For my dissertation I download hundreds of thousands of documents and feed them into a ML system. Using a 1 Gbit/s connection is helpful, but carries the risk to run a involuntary denial-of-service attack on the servers that provide the documents.
That creates a need for a crawler / scraper that avoids too high loads on the connection, but runs permanently and fault tolerant to ultimately download all files.
Exoskeleton is a python framework that aims for that goal. It has three main functionalities:
- Managing a download queue within a SQL database.
- Working through that queue by downloading files to disk and page source code into a database table.
- Sending progress reports to the admin.
To analyze the content of a page I recommend the Beautiful Soup package.
Installation and Use
Please take note that exoskeleton’s development status is "beta version". This means it may still contain some bugs and some commands could change with one of the next releases.
- Exoskeleton requires a database backend.
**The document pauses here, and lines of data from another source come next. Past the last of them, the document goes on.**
Lemma window_neg1 (x : nat -> nat) (y : Z -> nat) N : (forall k, x k = y (Z.of_nat k)) ->
  window y (-1)%Z (S N) = y (-1)%Z :: map x (seq 0 N).
Proof.
  intros Hxy. unfold window. cbn [seq map]. f_equal.
  rewrite <- seq_shift, map_map. apply map_ext. intros k. rewrite Hxy. f_equal. lia.
Qed.

Lemma infix_of_nth (u l : list nat) K : (K + length u <= length l)%nat ->
  (forall j, (j < length u)%nat -> nth j u 0%nat = nth (K + j) l 0%nat) ->
  exists A B, l = A ++ u ++ B.
Proof.
  intros Hl Hn.
  assert (E : u = firstn (length u) (skipn K l)).
  { apply nth_ext with 0%nat 0%nat.
    - rewrite length_firstn, length_skipn. lia.
    - intros j Hj. rewrite nth_firstn, nth_skipn. destruct (Nat.ltb_spec j (length u)); [|lia].
      apply Hn. exact Hj. }
  exists (firstn K l), (skipn (length u) (skipn K l)).
  rewrite E at 1. rewrite !firstn_skipn. reflexivity.
Qed.

Lemma right_ray_of_padded_factors (L : list nat -> Prop) (f : nat -> nat) (G : nat -> list nat) :
  (forall N, (N <= length (G N))%nat) ->
  (forall N k, (k < N)%nat -> nth k (G N) 0%nat = f k) ->
  (forall a N A u B, repeat 0%nat a ++ G N = A ++ u ++ B -> L u) ->
  right_ray L f.
Proof.
  intros HG Hf HL. set (y := fun p => if (p <? 0)%Z then 0%nat else f (Z.to_nat p)).
  exists y. split.
  - intros i len.
    destruct (infix_of_nth (window y i len) (repeat 0%nat (Z.to_nat (- i)) ++ G (Z.to_nat i + len)%nat)
                (Z.to_nat i)) as [A [B HAB]].
    + rewrite length_window, length_app, repeat_length. pose proof (HG (Z.to_nat i + len)%nat). lia.
    + intros j Hj. rewrite length_window in Hj. rewrite nth_window by exact Hj. unfold y.
      destruct (Z.ltb_spec (i + Z.of_nat j) 0).
      * rewrite app_nth1, nth_repeat by (rewrite repeat_length; lia). reflexivity.
      * rewrite app_nth2 by (rewrite repeat_length; lia). rewrite repeat_length, Hf by lia.
        f_equal. lia.
    + exact (HL _ _ _ _ _ HAB).
  - intros k. unfold y. destruct (Z.ltb_spec (Z.of_nat k) 0); [lia|]. rewrite Nat2Z.id. reflexivity.
Qed.

Lemma right_ray_beta_prefix beta x N : right_ray (lang_beta beta) x ->
  exists s, 0 <= s < 1 /\ beta_prefix beta s (map x (seq 0 N)).
Proof.
  intros [y [Hy Hxy]]. destruct (proj1 (lang_beta_spec _ _) (Hy (-1)%Z (S N))) as [s [_ H]].
  rewrite (window_neg1 x y N Hxy) in H. destruct H as [_ H].
  exists (beta_rem beta s 1). split; [apply beta_rem1_lt1 | exact H].
Qed.

Lemma right_ray_of_beta_prefix beta x : 1 < beta ->
  (forall N, exists s, 0 <= s < 1 /\ beta_prefix beta s (map x (seq 0 N))) ->
  right_ray (lang_beta beta) x.
Proof.
  intros Hb Hx. apply right_ray_of_padded_factors with (G := fun N => map x (seq 0 N)).
  - intros N. rewrite length_map, length_seq. reflexivity.
  - intros N k Hk. apply nth_map_seq. exact Hk.
  - intros a N A u B H. apply (lang_beta_infix beta A u B). rewrite <- H.
    destruct (Hx N) as [s [Hs Hp]]. destruct (beta_prefix_zeros beta a s _ Hb Hs Hp) as [s' [Hs' Hp']].
    apply lang_beta_spec. exists s'. split; [lra | exact Hp'].
Qed.

Lemma phi_word_seq_split (x : nat -> nat) N1 N2 : (N1 <= N2)%nat ->
  phi_word (map x (seq 0 N2)) = phi_word (map x (seq 0 N1)) ++ phi_word (map x (seq N1 (N2 - N1))).
Proof.
  intros H. replace N2 with (N1 + (N2 - N1))%nat at 1 by lia.
  rewrite seq_app, map_app, phi_word_app. reflexivity.
Qed.

Lemma phi_seq_nth x N m : (m < length (phi_word (map x (seq 0 N))))%nat ->
  phi_seq x m = nth m (phi_word (map x (seq 0 N))) 0%nat.
Proof.
  intros H. unfold phi_seq. destruct (Nat.le_ge_cases N (S m)) as [Hle|Hge].
  - rewrite (phi_word_seq_split x N (S m) Hle), app_nth1 by exact H. reflexivity.
  - rewrite (phi_word_seq_split x (S m) N Hge), app_nth1; [reflexivity|].
    pose proof (length_phi_word (map x (seq 0 (S m)))). rewrite length_map, length_seq in *. lia.
Qed.

Lemma phi_seq_right_ray beta x : 1 < beta -> right_ray (lang_beta beta) x ->
  right_ray (lang_phi (lang_beta beta)) (phi_seq x).
Proof.
  intros Hb Hx.
  apply right_ray_of_padded_factors with (G := fun N => phi_word (map x (seq 0 N))).
  - intros N. pose proof (length_phi_word (map x (seq 0 N))). rewrite length_map, length_seq in *. exact H.
  - intros N k Hk. symmetry. apply phi_seq_nth.
    pose proof (length_phi_word (map x (seq 0 N))). rewrite length_map, length_seq in *. lia.
  - intros a N A u B H. exists (repeat 0%nat a ++ map x (seq 0 N)). split.
    + destruct (right_ray_beta_prefix beta x N Hx) as [s [Hs Hp]].
      destruct (beta_prefix_zeros beta a s _ Hb Hs Hp) as [s' [Hs' Hp']].
      apply lang_beta_spec. exists s'. split; [lra | exact Hp'].
    + exists A, B. rewrite phi_word_app, phi_word_repeat0. exact H.
Qed.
Create a separate database for your project and create the necessary tables. You find scripts to create them on the GitHub project page within the folder named Database-Scripts
- Create a database user with read / write / update rights for this database. The crawler will use it to access and manage the queue. That account needs no permissions on other database and therefore should not have them.
- Install exoskeleton using
pip3. For example:
pip install exoskeleton. You may consider using a virtualenv.
- Exoskeleton sets reasonable defaults, but you have to set at least some parameters. See the code examples below.
- Add something to the queue and let exoskeleton do it's job.
First create a database and a separate user for your bot. Then use the Database-Script to create the table structure.
Put username and passphrase for the database into a separate file called
credentials.py. If you store your bots in git, it might be a good idea to exclude the credentials file from uploads via the ignore list.
#!/usr/bin/env python3 # -*- coding: utf-8 -*- # File: credentials.py user = 'databaseusername' passphrase = 'secret_passphrase'
Now create a file that contains your bot:
#!/usr/bin/env python3 # -*- coding: utf-8 -*- # File: bot.py import logging import exoskeleton import credentials # exoskeleton makes heavy use of the built-in # logging functionality. Change the level to # INFO to see less messages. logging.basicConfig(level=logging.DEBUG) # create an object to setup the framework queueManager = exoskeleton.Exoskeleton( database_host='ruediger-voigt.eu', database_name='exoskeleton', database_user=credentials.user, database_passphrase=credentials.passphrase ) print(queueManager.num_items_in_queue()) print(queueManager.estimate_remaining_time())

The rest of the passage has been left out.